Lemma taylor_low_term_le j : (j < p)%N ->
  (j`!%:R)^-1 * (d j * e ^+ j) <= (eps / mu) ^+ p / 4 * 2^-1 ^+ j.
Proof.
move=> jp; set c := 4 / j`!%:R * d j.
have c0 : 0 <= c.
  by rewrite mulr_ge0 ?divr_ge0 // (dDelta_norm_ge0 x0 Cpi Cpistar (ltnW jp)).
have -> : (j`!%:R)^-1 * (d j * e ^+ j) = c / 4 * e ^+ j.
  by rewrite /c; field; rewrite pnatr_eq0 -lt0n fact_gt0.
apply: ler_pM; rewrite ?divr_ge0 ?exprn_ge0 ?enorm_ge0 //.
  rewrite ler_pM2r // -(powR_invK c0 p0).
  apply: lerXn2r; rewrite ?nnegrE ?powR_ge0 ?divr_ge0 ?(ltW mu0) //.
  by rewrite ler_pdivlMr // mulrC; exact: low_gaps.
by apply: lerXn2r; rewrite ?nnegrE ?enorm_ge0 ?(le_trans close).
Qed.

Lemma taylor_top_term_le : (p`!%:R)^-1 * (d p * e ^+ p) <= (eps / mu) ^+ p / 2.
Proof.
have -> : (eps / mu) ^+ p / 2 = (p`!%:R)^-1 * (p`!%:R / (2 * mu ^+ p) * eps ^+ p).
  by rewrite expr_div_n; field; rewrite pnatr_eq0 -lt0n fact_gt0 expf_neq0 ?gt_eqF.
rewrite ler_wpM2l ?invr_ge0 ?ler0n //.
by rewrite ler_pM ?(dDelta_norm_ge0 x0 Cpi Cpistar) ?exprn_ge0 ?enorm_ge0 //
  lerXn2r ?nnegrE ?enorm_ge0.
Qed.

Lemma taylor_poly_gap_le :
  enorm (taylor_poly p pi x0 (x - x0) - taylor_poly p pistar x0 (x - x0))
    <= (eps / mu) ^+ p.
Proof.
rewrite /taylor_poly -sumrB; apply: le_trans (enorm_sum _ _ _) _.
have term_le (j : 'I_p.+1) : enorm ((j`!%:R)^-1 *: iderive (nseq j (x - x0)) pi x0
    - (j`!%:R)^-1 *: iderive (nseq j (x - x0)) pistar x0) <= (j`!%:R)^-1 * (d j * e ^+ j).
  rewrite -scalerBr enormZ ger0_norm ?invr_ge0 ?ler0n //.
  by apply: ler_wpM2l; rewrite ?invr_ge0 // (dDelta_norm_nseq x0 Cpi Cpistar _ (ltn_ord j)).
apply: le_trans (ler_sum _ (fun j _ => term_le j)) _.
rewrite big_ord_recr /=; apply: le_trans (lerD _ taylor_top_term_le) _.
  exact: ler_sum (fun j _ => taylor_low_term_le (ltn_ord j)).
rewrite -mulr_sumr; apply: le_trans (lerD (ler_wpM2l _ (sum_exp_half_le2 R p)) (lexx _)) _.
  by apply: divr_ge0 => //; apply/exprn_ge0/divr_ge0 => //; exact: ltW.
by rewrite [leLHS](_ : _ = (eps / mu) ^+ p) //; field.
Qed.

Lemma policy_gap_le : enorm (pi x - pistar x) <= policy_gap_bound L mu p eps.
Proof.
have -> : pi x - pistar x = (pi x - taylor_poly p pi x0 (x - x0))
    - (pistar x - taylor_poly p pistar x0 (x - x0))
    + (taylor_poly p pi x0 (x - x0) - taylor_poly p pistar x0 (x - x0)).
  by rewrite addrAC subrKA opprB addrA subrK.
apply: le_trans (enormD _ _) _; rewrite /policy_gap_bound lerD ?taylor_poly_gap_le //.
apply: le_trans (enormD _ _) _; rewrite enormN.
have rem_le : L / (p.+1)`!%:R * e ^+ p.+1 <= L / (p.+1)`!%:R * eps ^+ p.+1.
  by rewrite ler_wpM2l ?divr_ge0 ?ler0n // lerXn2r ?nnegrE ?enorm_ge0.
by rewrite -mulrA mulr_natl mulr2n lerD // (le_trans _ rem_le).
Qed.

End TaylorGap.

Section Tracking.
Variables (R : realType) (n m : nat) (f : 'rV[R]_n -> 'rV[R]_m -> 'rV[R]_n).
Variables (pistar pi : 'rV[R]_n -> 'rV[R]_m) (xi : 'rV[R]_n).

Let xs := traj f pistar (fun _ => 0) xi.
Let xp := traj f pi (fun _ => 0) xi.

Lemma traj_perturbed_policy (D : nat -> 'rV[R]_m) t :
  (forall s, (s < t)%N -> D s = pi (xp s) - pistar (xp s)) ->
  traj f pistar D xi t = xp t.
Proof.
elim: t => [//|t IH] hD /=.
by rewrite IH => [|s st]; [rewrite hD // addrC subrK /xp /= addr0 | apply/hD/ltnW].
Qed.

Variables (X : set 'rV[R]_n) (eta : R) (beta : R -> nat -> R) (gamma : R -> R).
Hypotheses (ISS : locally_dISS f pistar X eta beta gamma) (Xxi : X xi).

Lemma dISS_deviation_le D t : (forall s, enorm (D s) <= eta) ->
  enorm (xs t - traj f pistar D xi t)
    <= gamma (\big[Num.max/0]_(k < t) enorm (D k)).
Proof.
case: ISS => -[Kbeta _] [_ hISS] hD; rewrite enorm_distC.
by have := hISS xi xi Xxi Xxi D hD t; rewrite subrr enorm0 (proj1 (Kbeta t)) add0r.
Qed.


Variables (p : nat) (L mu alpha : R) (T : nat).
Hypotheses (p0 : (0 < p)%N) (Cpi : Cp p pi) (Cpistar : Cp p pistar).
Hypothesis taylor_bound : forall g, g = pi \/ g = pistar -> forall x x0 : 'rV[R]_n,
  enorm (g x - taylor_poly p g x0 (x - x0)) <= L / (p.+1)`!%:R * enorm (x - x0) ^+ p.+1.
Hypotheses (L0 : 0 <= L) (mu0 : 0 < mu) (eta0 : 0 <= eta).
Hypotheses (alpha0 : 0 <= alpha) (alpha_half : alpha <= 2^-1).
Hypothesis ginv : forall x, 0 <= x <= alpha -> le_ginv gamma (policy_gap_bound L mu p x) x.

Let d t j := dDelta_norm j pi pistar (xs t).
Let F t j := mu * (4 / j`!%:R * d t j) `^ p%:R^-1.

Hypothesis low_alpha : forall t j, (t < T)%N -> (j < p)%N -> F t j <= alpha.
Hypothesis low_eta : forall t j, (t < T)%N -> (j < p)%N ->
  2 * L * mu ^+ p.+1 / (p.+1)`!%:R * (4 / j`!%:R * d t j) `^ (p.+1%:R / p%:R)
    + 4 / j`!%:R * d t j <= eta.
Hypothesis top : forall t, (t < T)%N -> d t p <= p`!%:R / (2 * mu ^+ p).

Lemma tracking_step t eps : (t <= T)%N -> 0 <= eps <= alpha ->
  policy_gap_bound L mu p eps <= eta ->
  (forall k, (k < t)%N -> enorm (xs k - xp k) <= eps) ->
  (forall k j, (k < t)%N -> (j < p)%N -> F k j <= eps) ->
  enorm (xs t - xp t) <= eps.
Proof.
move=> tT eps_range budget_eta close low; have /andP[eps0 eps_alpha] := eps_range.
have Kg : classK gamma by case: ISS => _ [].
have gap k : (k < t)%N ->
    enorm (pi (xp k) - pistar (xp k)) <= policy_gap_bound L mu p eps.
  move=> kt; apply: (policy_gap_le (x0 := xs k) p0 Cpi Cpistar L0 mu0).
  - exact: le_trans eps_alpha alpha_half.
  - by rewrite enorm_distC close.
  - by move=> j; exact: low.
  - exact: top (leq_trans kt tT).
  - exact: (taylor_bound (g := pi) (or_introl erefl)).
  - exact: (taylor_bound (g := pistar) (or_intror erefl)).
pose D s := if (s < t)%N then pi (xp s) - pistar (xp s) else 0.
have budget0 : 0 <= policy_gap_bound L mu p eps.
  by rewrite addr_ge0 ?mulr_ge0 ?exprn_ge0 ?divr_ge0 ?ler0n ?(ltW mu0).
have D_le s : enorm (D s) <= policy_gap_bound L mu p eps.
  by rewrite /D; case: ifP => [/gap //|_]; rewrite enorm0.
rewrite -(@traj_perturbed_policy D) => [|s st]; last by rewrite /D st.
apply: le_trans (dISS_deviation_le t (fun s => le_trans (D_le s) budget_eta)) _.
apply: (classK_le_ginv Kg _ eps0 _ (ginv eps_range)); first exact: bigmax_ge_id.
by apply: bigmax_le => // k _.
Qed.

Let B t := \big[Num.max/0]_(k < t) \big[Num.max/0]_(j < p) F k j.

Lemma running_max_le_alpha t : (t <= T)%N -> B t <= alpha.
Proof.
move=> tT; apply: bigmax_le => // k _; apply: bigmax_le => // j _.
exact: low_alpha (leq_trans (ltn_ord k) tT) (ltn_ord j).
Qed.

Lemma running_max_gap_le_eta t : (t <= T)%N -> policy_gap_bound L mu p (B t) <= eta.
Proof.
have gap0 : policy_gap_bound L mu p 0 <= eta.
  by rewrite /policy_gap_bound mul0r !expr0n /= gtn_eqF // mulr0 addr0.
move=> tT; pose Q x := policy_gap_bound L mu p x <= eta.
apply: (@bigmax_ind _ _ _ _ _ _ _ Q) => // k _.
apply: (@bigmax_ind _ _ _ _ _ _ _ Q) => // j _.
rewrite /Q /F policy_gap_bound_root ?mulr_ge0 ?divr_ge0 ?ler0n //.
  exact: low_eta (leq_trans (ltn_ord k) tT) (ltn_ord j).
by rewrite /d (dDelta_norm_ge0 _ Cpi Cpistar (ltnW (ltn_ord j))).
Qed.

Lemma tracking t : (t <= T)%N -> enorm (xs t - xp t) <= B t.
Proof.
elim/ltn_ind: t => t IH tT; apply: tracking_step => //.
- by rewrite bigmax_ge_id running_max_le_alpha.
- exact: running_max_gap_le_eta.
- move=> k kt; apply: le_trans (IH k kt (ltnW (leq_trans kt tT))) _.
  exact: (bigmax_ord_mono 0 (fun k => \big[Num.max/0]_(j < p) F k j) (ltnW kt)).
- move=> k j kt jp; apply: le_trans (le_bigmax 0 (fun j : 'I_p => F k j) (Ordinal jp)) _.
  exact: (le_bigmax _ (fun k : 'I_t => \big[Num.max/0]_(j < p) F k j) (Ordinal kt)).
Qed.

End Tracking.

Theorem mainTheorem4 (R : realType) (n m : nat)
  (f : 'rV[R]_n -> 'rV[R]_m -> 'rV[R]_n)
  (pistar pi : 'rV[R]_n -> 'rV[R]_m)
  (X : set 'rV[R]_n) (eta : R) (gamma : R -> R) (p : nat)
  (xi : 'rV[R]_n) (L mu alpha : R) (T : nat) :
  compact X ->
  0 < eta ->
  (exists beta, locally_dISS f pistar X eta beta gamma) ->
  (0 < p)%N ->
  (* gamma(x) <= O(x^{1/r}) as x -> 0+, with r = p *)
  (exists C delta, 0 < delta /\
     forall x, 0 < x < delta -> gamma x <= C * x `^ (p%:R)^-1) ->
  X xi ->
  Cp p pi -> Cp p pistar ->
  (forall pib, pib = pi \/ pib = pistar ->
   forall x x0 : 'rV[R]_n,
     enorm (pib x - \sum_(j < p.+1)
                (j`!%:R)^-1 *: iderive (nseq j (x - x0)) pib x0)
       <= L / (p.+1)`!%:R * enorm (x - x0) ^+ p.+1) ->
  0 < mu -> 0 < alpha -> alpha <= 2^-1 ->
  (forall x, 0 <= x <= alpha ->
     le_ginv gamma (2 * (L / (p.+1)`!%:R) * x ^+ p.+1 + (x / mu) ^+ p) x) ->
  let d t j := dDelta_norm j pi pistar (traj f pistar (fun _ => 0) xi t) in
  (forall t j, (t < T)%N -> (j < p)%N ->
     mu * (4 / j`!%:R * d t j) `^ (p%:R)^-1 <= alpha) ->
  (forall t j, (t < T)%N -> (j < p)%N ->
     2 * L * mu ^+ p.+1 / (p.+1)`!%:R
         * (4 / j`!%:R * d t j) `^ (p.+1%:R / p%:R)
       + 4 / j`!%:R * d t j <= eta) ->
  (forall t, (t < T)%N -> d t p <= p`!%:R / (2 * mu ^+ p)) ->
  forall t, (1 <= t <= T)%N ->
    enorm (traj f pistar (fun _ => 0) xi t - traj f pi (fun _ => 0) xi t)
      <= \big[Num.max/0]_(k < t) \big[Num.max/0]_(j < p)
           (mu * (4 / j`!%:R) `^ (p%:R)^-1 * (d k j) `^ (p%:R)^-1).
Proof.
move=> _ eta0 [beta ISS] p0 _ Xxi Cpi Cpistar taylor_bound mu0 alpha0 alpha_half ginv d.
move=> low_alpha low_eta top t /andP[_ tT].
have [n0|n_gt0] := posnP n; first by rewrite enorm_dim0 // bigmax_ge_id.
have L0 : 0 <= L.
  have : 0 <= L / (p.+1)`!%:R.
    apply: (coef_ge0_of_enorm_bound (j := p.+1) n_gt0) => x x0.
    exact: le_trans (enorm_ge0 _) (taylor_bound _ (or_introl erefl) x x0).
  by rewrite pmulr_lge0 // invr_gt0 ltr0n fact_gt0.
have root_split k (j : 'I_p) : mu * (4 / j`!%:R) `^ p%:R^-1 * d k j `^ p%:R^-1
    = mu * (4 / j`!%:R * d k j) `^ p%:R^-1.
  by rewrite -mulrA -powRM ?divr_ge0 ?ler0n //
    (dDelta_norm_ge0 _ Cpi Cpistar (ltnW (ltn_ord j))).
under eq_bigr do under eq_bigr do rewrite root_split.
exact: (tracking ISS Xxi p0 Cpi Cpistar taylor_bound L0 mu0 (ltW eta0) (ltW alpha0)
  alpha_half ginv low_alpha low_eta top tT).
Qed.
========
* Exercise objective: Give back exactly the lines above, from the line containing "(forall k, (k" through the line containing "have gap0 : policy_gap_bound L mu p 0 <= eta.", with both end lines and nothing more.

* Task output:
  (forall k, (k < t)%N -> enorm (xs k - xp k) <= eps) ->
  (forall k j, (k < t)%N -> (j < p)%N -> F k j <= eps) ->
  enorm (xs t - xp t) <= eps.
Proof.
move=> tT eps_range budget_eta close low; have /andP[eps0 eps_alpha] := eps_range.
have Kg : classK gamma by case: ISS => _ [].
have gap k : (k < t)%N ->
    enorm (pi (xp k) - pistar (xp k)) <= policy_gap_bound L mu p eps.
  move=> kt; apply: (policy_gap_le (x0 := xs k) p0 Cpi Cpistar L0 mu0).
  - exact: le_trans eps_alpha alpha_half.
  - by rewrite enorm_distC close.
  - by move=> j; exact: low.
  - exact: top (leq_trans kt tT).
  - exact: (taylor_bound (g := pi) (or_introl erefl)).
  - exact: (taylor_bound (g := pistar) (or_intror erefl)).
pose D s := if (s < t)%N then pi (xp s) - pistar (xp s) else 0.
have budget0 : 0 <= policy_gap_bound L mu p eps.
  by rewrite addr_ge0 ?mulr_ge0 ?exprn_ge0 ?divr_ge0 ?ler0n ?(ltW mu0).
have D_le s : enorm (D s) <= policy_gap_bound L mu p eps.
  by rewrite /D; case: ifP => [/gap //|_]; rewrite enorm0.
rewrite -(@traj_perturbed_policy D) => [|s st]; last by rewrite /D st.
apply: le_trans (dISS_deviation_le t (fun s => le_trans (D_le s) budget_eta)) _.
apply: (classK_le_ginv Kg _ eps0 _ (ginv eps_range)); first exact: bigmax_ge_id.
by apply: bigmax_le => // k _.
Qed.

Let B t := \big[Num.max/0]_(k < t) \big[Num.max/0]_(j < p) F k j.

Lemma running_max_le_alpha t : (t <= T)%N -> B t <= alpha.
Proof.
move=> tT; apply: bigmax_le => // k _; apply: bigmax_le => // j _.
exact: low_alpha (leq_trans (ltn_ord k) tT) (ltn_ord j).
Qed.

Lemma running_max_gap_le_eta t : (t <= T)%N -> policy_gap_bound L mu p (B t) <= eta.
Proof.
have gap0 : policy_gap_bound L mu p 0 <= eta.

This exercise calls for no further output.